In the discussion of school, we look into the ways in which school life can be difficult for some young people living in lowincome households, particularly at secondary level. We consider the challenges sometimes faced accessing adequate, desirable food in a non-stigmatising way. And we note how the costs of school for those in poverty can be prohibitive of certain learning and enrichment opportunities and how issues of poverty can be treated as behavioural infringements and penalised accordingly. We also note how maintaining friendships outside school or during school transitions can be especially hard for young people with less access to communication technologies than their wealthier peers.
In the discussion of neighbourhood, we explore participants’ experiences of living in deprived areas, reflecting on common concerns around safety and violence, noise and traffic, aggressive adults and neighbours, bullying and gangs, and animals, rubbish and mess. We also explore the powerlessness felt by children to change their physical environment despite a desire to do so.
In the discussion of money and material things we consider how children living in poverty have varying experiences of these, but note the keen awareness of financial hardship and the strong desire to fit in with peers, even though fitting in can come at a cost. We also explore the lengths to which some children go in protecting their families from the effects of poverty, sometimes going without and sometimes contributing their own money to household budgets. We highlight the importance of wider kin networks for the material wellbeing of young people living in low-income households, and point to the resourcefulness of those young people and families who get by, and struggle to get ahead, with the odds stacked against them.

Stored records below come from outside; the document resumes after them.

Lemma excursion_lift_axis T (n : nat) (cr : R * R) : (1 <= n)%N ->
  n_excursion_lift G T n cr ->
  exists g, excursion_axis n (4 * expR (T + 1) / n%:R ^+ 2) g cr.
Proof.
move=> n1 [] r0 [g0 axis_g0] len_le [z1 [z2 [L1 L2 h1 h2 width]]].
have [_ [g [Gg hyp_g Lg] <-] len_lt] :
    exists2 y, (@translen R @` axis_of G (geod cr.1 cr.2)) y & y < T + 1.
  apply: inf_lt; first by exists (translen g0), g0.
  by move: len_le; rewrite /closed_geod_length; lra.
have inv z : geod cr.1 cr.2 z -> geod cr.1 cr.2 (mob g z).
  by move=> Lz; rewrite -Lg; exists z.
have [_ _ _ Gdet] := sG.
have [c0 ad tr] := axis_entries (Gdet _ Gg) hyp_g r0 inv.
have rad := excursion_radius n1 L1 L2 h1 h2 width.
exists g; split => //; split => //.
have n2 : 0 < n%:R ^+ 2 :> R by rewrite exprn_gt0 // ltr0n.
have := trace_sqr_lt hyp_g len_lt; case/andP: rad => rad _.
rewrite ler_pdivlMr //; have := sqr_ge0 (mc g); nra.
Qed.

End Excursions.

Section Counting.
Variable R : realType.
Implicit Types g h : mat2 R.

Lemma mc_coset g1 g2 (l : int) : mc g1 != 0 -> mc g2 != 0 ->
  mc (mmul (minv g1) (mmul (transl l) g2)) =
  mc g1 * mc g2 * (ma g1 / mc g1 - ma g2 / mc g2 - l%:~R).
Proof. by move=> c1 c2; rewrite /mmul /minv /transl /=; field; rewrite ?c1 ?c2. Qed.

Lemma coset_ratios g1 g2 (l K : int) (e : R) :
  mdet g1 = 1 -> mc g1 != 0 -> e * e = 1 ->
  mmul (minv g1) (mmul (transl l) g2) = M2 e (e * K%:~R) 0 e ->
  [/\ mc g2 = e * mc g1, mtr g2 / mc g2 = mtr g1 / mc g1 + (K - l)%:~R
    & (ma g2 - md g2) / mc g2 = (ma g1 - md g1) / mc g1 - (K + l)%:~R].
Proof.
move=> dt c1 ee hE.
have e0 : e != 0.
  by apply/eqP => e0; move: ee; rewrite e0 mul0r => /esym/eqP; rewrite oner_eq0.
have -> : g2 = mmul (transl (- l)) (mmul g1 (M2 e (e * K%:~R) 0 e)).
  rewrite -hE [mmul g1 _]mmulA mmulV // mmul1l mmulA translD addNr.
  by rewrite (_ : transl 0 = mid R) // mmul1l.
rewrite /mmul /mtr /transl /= !intrD !intrN.
by split; [ring | field | field]; rewrite ?e0 ?c1 ?mulf_neq0.
Qed.

Lemma trace_ratio_sqr g r : mc g != 0 -> mtr g ^+ 2 - 4 = 4 * mc g ^+ 2 * r ^+ 2 ->
  (mtr g / mc g) ^+ 2 = 4 / mc g ^+ 2 + 4 * r ^+ 2.
Proof.
move=> c0 tr; rewrite expr_div_n.
by rewrite (_ : mtr g ^+ 2 = 4 + 4 * mc g ^+ 2 * r ^+ 2); [field | lra].
Qed.

Variable G : set (mat2 R).
Hypotheses (sG : sl2_subgroup G) (dG : discrete_group G) (GT : G (M2 1 1 0 1)).
Hypothesis stab_infty : forall g, G g -> mc g = 0 ->
  exists k : int, g = M2 1 k%:~R 0 1 \/ g = M2 (-1) k%:~R 0 (-1).

Lemma stabilizer_infty h : G h -> mc h = 0 ->
  exists e (K : int), e * e = 1 /\ h = M2 e (e * K%:~R) 0 e.
Proof.
move=> Gh /(stab_infty Gh) [K [->|->]].
- by exists 1, K; rewrite !mul1r.
- by exists (-1), (- K); rewrite mulrNN mulr1 intrN mulN1r opprK.
Qed.

Lemma close_fracparts_coset g1 g2 : G g1 -> G g2 -> mc g1 != 0 -> mc g2 != 0 ->
  `|mc g1 * mc g2 * (fracpart (ma g1 / mc g1) - fracpart (ma g2 / mc g2))| < 1/4 ->
  exists (l K : int) e,
    e * e = 1 /\ mmul (minv g1) (mmul (transl l) g2) = M2 e (e * K%:~R) 0 e.
Proof.
move=> G1 G2 c1 c2 small.
have [_ GM GV _] := sG.
pose l := Num.floor (ma g1 / mc g1) - Num.floor (ma g2 / mc g2).
have Gh : G (mmul (minv g1) (mmul (transl l) g2)).
  by apply: (GM); [exact: GV | apply: (GM) => //; exact: transl_in].
have ch0 : mc (mmul (minv g1) (mmul (transl l) g2)) = 0.
  apply/eqP; apply: contraT => ch0; move: (shimizu sG dG GT Gh ch0).
  rewrite mc_coset //.
  have -> : ma g1 / mc g1 - ma g2 / mc g2 - l%:~R =
      fracpart (ma g1 / mc g1) - fracpart (ma g2 / mc g2).
    by rewrite /fracpart /l intrB; ring.
  lra.
have [e [K [ee hE]]] := stabilizer_infty Gh ch0.
by exists l, K, e.
Qed.

(* [ma g / mc g] is g(oo) and [mtr g / mc g] is g(oo) - g^-1(oo). *)
Definition excursion_key (n : nat) (X : R) g (cr : R * R) :=
  (Num.truncn (8 * X * fracpart (ma g / mc g)), 0 <= mtr g / mc g,
   4 * cr.2 ^+ 2 < (n%:R + 1/2) ^+ 2 + 4).

Lemma excursion_key_inj (n : nat) (X : R) g1 g2 (cr1 cr2 : R * R) : (1 <= n)%N ->
  excursion_axis G n X g1 cr1 -> excursion_axis G n X g2 cr2 ->
  excursion_key n X g1 cr1 = excursion_key n X g2 cr2 -> same_excursion G cr1 cr2.
Proof.
move=> n1 [G1 c1 ad1 tr1 [r1 rad1 X1]] [G2 c2 ad2 tr2 [r2 rad2 X2]] [bucket sign half].
have [/andP[f1 f1'] /andP[f2 f2']] :=
  (fracpart_itv (ma g1 / mc g1), fracpart_itv (ma g2 / mc g2)).
have X0 : 0 <= X by apply: le_trans X1; exact: sqr_ge0.
have near : `|8 * X * fracpart (ma g1 / mc g1) - 8 * X * fracpart (ma g2 / mc g2)| < 1.
  by apply: truncn_eq_dist; rewrite ?mulr_ge0.
have cc_le : `|mc g1 * mc g2| <= X.
  suff : `|mc g1 * mc g2| ^+ 2 <= X ^+ 2 by rewrite ler_sqr ?nnegrE.
  rewrite -normrX ger0_norm ?sqr_ge0 // exprMn [X ^+ 2]expr2.
  by apply: ler_pM; rewrite ?sqr_ge0.
have [l [K [e [ee hE]]]] : exists (l K : int) e,
    e * e = 1 /\ mmul (minv g1) (mmul (transl l) g2) = M2 e (e * K%:~R) 0 e.
  apply: close_fracparts_coset => //; rewrite normrM.
  move: near; rewrite -mulrBr normrM (ger0_norm (_ : 0 <= 8 * X)) ?mulr_ge0 //.
  by have := normr_ge0 (fracpart (ma g1 / mc g1) - fracpart (ma g2 / mc g2)); nra.
have [_ _ _ Gdet] := sG.
have [c2E v2E x2E] := coset_ratios (Gdet _ G1) c1 ee hE.
have cc : mc g2 ^+ 2 = mc g1 ^+ 2 by rewrite c2E exprMn expr2 ee mul1r.
have v_close : `|mtr g1 / mc g1 - mtr g2 / mc g2| < 1.
  apply: (trace_ratio_close n1 _ (trace_ratio_sqr c1 tr1) _ rad1 rad2 half sign).
    by rewrite divr_gt0 // exprn_even_gt0.
  by rewrite (trace_ratio_sqr c2 tr2) cc.
have Kl : K = l.
  have : `|(K - l)%:~R : R| < 1.
    rewrite (_ : (K - l)%:~R = - (mtr g1 / mc g1 - mtr g2 / mc g2)) ?normrN //.
    by rewrite v2E; ring.
  by move/intr_norm_lt1/eqP; rewrite subr_eq0 => /eqP.
have rr : cr2.2 = cr1.2.
  have := trace_ratio_sqr c2 tr2; rewrite v2E Kl subrr addr0 (trace_ratio_sqr c1 tr1) cc.
  move/addrI => r_sqr; apply/eqP; rewrite -(@eqrXn2 _ 2) ?ltW //; apply/eqP; lra.
have -> : cr2 = (cr1.1 + (- l)%:~R, cr1.2).
  rewrite [cr2]surjective_pairing rr; congr pair.
  by move: x2E; rewrite Kl ad1 ad2 !mulfK // intrD intrN; lra.
by exists (transl (- l)); split; [exact: transl_in | rewrite image_transl_arc].
Qed.
Theorem mainTheorem4 (ell : option nat) :
  (if ell is Some n then (0 < n)%N else true) ->
  exists R : idomainType, ~ atomic R /\ IDF R /\ exactly_atoms R ell.
Proof.
case: ell => [n n_gt0 | _] /=.
  by have [R [? ? ?]] := nonatomic_IDF_finite_atoms n_gt0; exists R.
by have [R [? ? ?]] := nonatomic_IDF_infinite_atoms; exists R.
Qed.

In each of these thematic areas we see that for young people growing up in poverty, childhood can be marked by a series of struggles. However, we also highlight their active involvement in managing their lives, and point to some of the potential routes to changing the policy context which can be so formative of their experiences.
As we move into longitudinal analysis we will publish further outputs which will deepen and expand our understanding of some of the themes covered in this report and explore other themes, such as poor health, safety and violence, family networks and resources, and identity and belonging. Importantly, our analysis will begin to consider the ways in which the different thematic areas interact with each other so that we can explore how multiple disadvantage plays out in our participants’ lives, shaping material, psychological, social and temporal dimensions of experience. Through these endeavours we hope to explore additional routes to challenging poverty and inequality, and the effects of these on some of the most disadvantaged young people in the country.
The preliminary findings reported here provide further evidence for some of the policy recommendations that The Children's Society has made previously. These include:
- Housing: Ensure that support with housing costs for those families renting privately increases in line with increases in local rents.
- School: Provide all teachers with training on childhood poverty and its impact on children’s education. Ensure that Ofsted inspects schools on how they support the poorest pupils. Allow children to have a say in how Pupil Premium money is spent. Ensure schools make uniforms affordable.
- Neighbourhood: Continue to produce Child Poverty Strategies at the Local Authority level and allow children to be involved in developing these strategies.
- Money and material things: End the freeze on Child Benefit and Child Tax Credit and reinstate the link between benefit levels and inflation as soon as possible.